_ACTIVITY:_ Of the material below, only the lines from the line containing "intros Hb Hp" down to the line containing "Proof. intros Hp." belong in the answer, written out exactly.

>>>

Lemma Hpsum2_le_Hsh_m x N : 0 <= x -> Hpsum2 x N <= Hsh_m 2 x.
Proof.
  intros Hx. apply growing_ineq; [|now apply Hpsum2_cv].
  apply sum1_growing. intros i Hi. now apply hterm2_bounds.
Qed.

Lemma Hsh_succ x : 0 <= x -> Hsh (x + 1) = Hsh x + / (x + 1).
Proof.
  intros Hx. apply (UL_sequence (Hpsum (x + 1))); [apply Hpsum_cv; lra|].
  assert (Hpsum_succ : forall N, Hpsum (x + 1) N = Hpsum x N + / (x + 1) - / (INR N + 1 + x)).
  { induction N as [|N IH]; unfold Hpsum, hterm in *; cbn [sum1].
    - simpl. field. lra.
    - rewrite IH, S_INR. pose proof (pos_INR N). field. lra. }
  apply Un_cv_ext with (fun N => (Hpsum x N + / (x + 1)) - / (INR N + 1 + x)).
  { intros N. now rewrite Hpsum_succ. }
  rewrite <- (Rminus_0_r (Hsh x + / (x + 1))).
  apply CV_minus; [apply CV_plus; [now apply Hpsum_cv|apply Un_cv_const]|].
  apply cv_infty_cv_0. intros M. destruct (INR_unbounded M) as [N HN].
  exists N. intros n Hn. apply le_INR in Hn. lra.
Qed.

Lemma Hsh_add_nat x j : 0 <= x -> Hsh (INR j + x) = Hsh x + harm j - Hpsum x j.
Proof.
  intros Hx. induction j as [|j IH].
  - unfold harm, Hpsum. simpl. rewrite Rplus_0_l. ring.
  - pose proof (pos_INR j). rewrite S_INR.
    replace (INR j + 1 + x) with (INR j + x + 1) by ring.
    rewrite Hsh_succ, IH by lra. unfold harm, Hpsum, hterm. cbn [sum1]. rewrite S_INR.
    replace (INR j + x + 1) with (INR j + 1 + x) by ring. ring.
Qed.

Definition Hsh_hterm (b : R) (p : nat) : R := Hsh (INR p + b) * hterm b p.

Lemma hterm_mul_hterm b p q : 0 <= b -> (1 <= p)%nat -> (1 <= q)%nat ->
  hterm b p * hterm (INR p + b) q = hterm b (p + q) * (/ INR p + / INR q).
Proof.
  intros Hb Hp Hq. pose proof (INR_ge1 p Hp). pose proof (INR_ge1 q Hq).
  unfold hterm. rewrite plus_INR. field. repeat split; lra.
Qed.

Section HshSquare.

Variable b : R.
Hypothesis Hb : 0 <= b.

Definition conv_partial (M N : nat) : R :=
  sum1 (fun p => hterm b p * Hpsum (INR p + b) (N - p)) M.

Definition harm_psum : nat -> R := sum1 (fun n => harm (pred n) * hterm b n).

Lemma hterm_nonneg p : (1 <= p)%nat -> 0 <= hterm b p.
Proof. intros Hp. now apply hterm_bounds. Qed.

Lemma conv_summand_nonneg N p : (1 <= p)%nat -> 0 <= hterm b p * Hpsum (INR p + b) N.
Proof.
  intros Hp. apply Rmult_le_pos; [now apply hterm_nonneg|].
  apply Hpsum_nonneg. pose proof (pos_INR p). lra.
Qed.

Lemma conv_partial_diag N : conv_partial N N = 2 * harm_psum N.
Proof.
  induction N as [|N IH]; [unfold conv_partial, harm_psum; simpl; ring|].
  unfold conv_partial. cbn [sum1]. rewrite Nat.sub_diag. unfold Hpsum at 2. cbn [sum1].
  rewrite Rmult_0_r, Rplus_0_r.
  rewrite (sum1_ext _ (fun p => hterm b p * Hpsum (INR p + b) (N - p)
                                + hterm b (S N) * (/ INR p + / INR (S N - p)))).
  2:{ intros p Hp. replace (S N - p)%nat with (S (N - p)) at 1 by lia.
      unfold Hpsum at 1. cbn [sum1]. fold (Hpsum (INR p + b) (N - p)).
      rewrite Rmult_plus_distr_l, hterm_mul_hterm by (exact Hb || lia).
      replace (p + S (N - p))%nat with (S N) by lia.
      now replace (S (N - p)) with (S N - p)%nat by lia. }
  rewrite sum1_plus, sum1_scal, sum1_plus, (sum1_rev (fun q => / INR q) N).
  fold (conv_partial N N). rewrite IH.
  unfold harm_psum, harm. cbn [sum1 pred]. ring.
Qed.

Lemma conv_partial_le M N : (M <= N)%nat -> conv_partial M N <= conv_partial N N.
Proof.
  intros HMN. apply (tech9 (fun m => conv_partial m N)); [|exact HMN].
  apply sum1_growing. intros p Hp. now apply conv_summand_nonneg.
Qed.

Lemma conv_partial_cv M : Un_cv (conv_partial M) (sum1 (Hsh_hterm b) M).
Proof.
  induction M as [|M IH]; [apply Un_cv_const|].
  unfold conv_partial, Hsh_hterm. cbn [sum1]. apply CV_plus; [exact IH|].
  rewrite Rmult_comm. apply Un_cv_scal, (Un_cv_shift_sub (Hpsum (INR (S M) + b))).
  apply Hpsum_cv. pose proof (pos_INR (S M)). lra.
Qed.

Lemma conv_partial_diag_le N : conv_partial N N <= sum1 (Hsh_hterm b) N.
Proof.
  apply sum1_le. intros p Hp. unfold Hsh_hterm. rewrite (Rmult_comm (Hsh _)).
  apply Rmult_le_compat_l; [apply hterm_nonneg; lia|].
  apply Hpsum_le_Hsh. pose proof (pos_INR p). lra.
Qed.

Lemma sum1_Hsh_hterm_eq N :
  sum1 (Hsh_hterm b) N
  = harm_psum N + (Hsh b * Hpsum b N - Hpsum b N ^ 2 / 2 + Hpsum2 b N / 2).
Proof.
  induction N as [|N IH]; [unfold harm_psum, Hpsum, Hpsum2; simpl; field|].
  cbn [sum1]. rewrite IH. unfold Hsh_hterm. rewrite Hsh_add_nat by exact Hb.
  unfold harm_psum, Hpsum, Hpsum2, harm, hterm, hterm2. cbn [sum1 pred].
  pose proof (INR_ge1 (S N) ltac:(lia)). field. lra.
Qed.

Lemma Hsh_hterm_cv : Un_cv (sum1 (Hsh_hterm b)) (Hsh b ^ 2 + Hsh_m 2 b).
Proof.
  set (D N := Hsh b * Hpsum b N - Hpsum b N ^ 2 / 2 + Hpsum2 b N / 2).
  set (L := Hsh b * Hsh b - Hsh b * Hsh b / 2 + Hsh_m 2 b / 2).
  assert (HD : Un_cv D L).
  { unfold D, L, Rdiv. simpl.
    apply CV_plus; [apply CV_minus|apply CV_mult; [|apply Un_cv_const]].
    - apply Un_cv_scal, Hpsum_cv, Hb.
    - apply CV_mult; [|apply Un_cv_const].
      apply Un_cv_ext with (fun N => Hpsum b N * Hpsum b N); [intros; ring|].
      apply CV_mult; apply Hpsum_cv, Hb.
    - apply Hpsum2_cv, Hb. }
  assert (Hsplit : forall N, sum1 (Hsh_hterm b) N = harm_psum N + D N)
    by (intros; apply sum1_Hsh_hterm_eq).
  assert (Hdiag : forall N, 2 * harm_psum N <= sum1 (Hsh_hterm b) N)
    by (intros; rewrite <- conv_partial_diag; apply conv_partial_diag_le).
  assert (Hgrowing : Un_growing harm_psum).
  { apply sum1_growing. intros n Hn. apply Rmult_le_pos; [|now apply hterm_nonneg].
    apply sum1_nonneg. intros i Hi. apply Rlt_le, Rinv_0_lt_compat.
    pose proof (INR_ge1 i Hi). lra. }
  assert (Hbounded : has_ub harm_psum).
  { exists (Hsh b * Hsh b + Hsh_m 2 b / 2). intros y [N ->].
    specialize (Hdiag N). rewrite Hsplit in Hdiag. unfold D in Hdiag.
    pose proof (Hpsum_le_Hsh b N Hb). pose proof (Hpsum_nonneg b N Hb).
    pose proof (Hpsum2_le_Hsh_m b N Hb).
    assert (Hsh b * Hpsum b N <= Hsh b * Hsh b) by (apply Rmult_le_compat_l; lra).
    assert (0 <= Hpsum b N ^ 2) by (apply pow_le; lra). lra. }
  destruct (growing_cv _ Hgrowing Hbounded) as [F HF].
  assert (HC : Un_cv (sum1 (Hsh_hterm b)) (F + L)).
  { apply Un_cv_ext with (fun N => harm_psum N + D N); [intros; now rewrite Hsplit|].
    now apply CV_plus. }
  assert (H2F : Un_cv (fun N => 2 * harm_psum N) (2 * F)) by now apply Un_cv_scal.
  assert (Hupper : F + L <= 2 * F).
  { apply (Rle_cv_lim (Un := sum1 (Hsh_hterm b)) (Vn := fun _ => 2 * F));
      [|exact HC|apply Un_cv_const].
    intros M. apply (Rle_cv_lim (Un := fun N => conv_partial M (N + M))
                               (Vn := fun N => 2 * harm_psum (N + M))).
    - intros N. rewrite <- conv_partial_diag. apply conv_partial_le. lia.
    - apply (CV_shift' (conv_partial M)), conv_partial_cv.
    - apply (CV_shift' (fun N => 2 * harm_psum N)), H2F. }
  assert (Hlower : 2 * F <= F + L) by exact (Rle_cv_lim Hdiag H2F HC).
  replace (Hsh b ^ 2 + Hsh_m 2 b) with (F + L) by (unfold L in *; simpl; lra).
  exact HC.
Qed.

<<<

_EXPECTED ANSWER:_
  intros Hb Hp Hq. pose proof (INR_ge1 p Hp). pose proof (INR_ge1 q Hq).
  unfold hterm. rewrite plus_INR. field. repeat split; lra.
Qed.

Section HshSquare.

Variable b : R.
Hypothesis Hb : 0 <= b.

Definition conv_partial (M N : nat) : R :=
  sum1 (fun p => hterm b p * Hpsum (INR p + b) (N - p)) M.

Definition harm_psum : nat -> R := sum1 (fun n => harm (pred n) * hterm b n).

Lemma hterm_nonneg p : (1 <= p)%nat -> 0 <= hterm b p.
Proof. intros Hp. now apply hterm_bounds. Qed.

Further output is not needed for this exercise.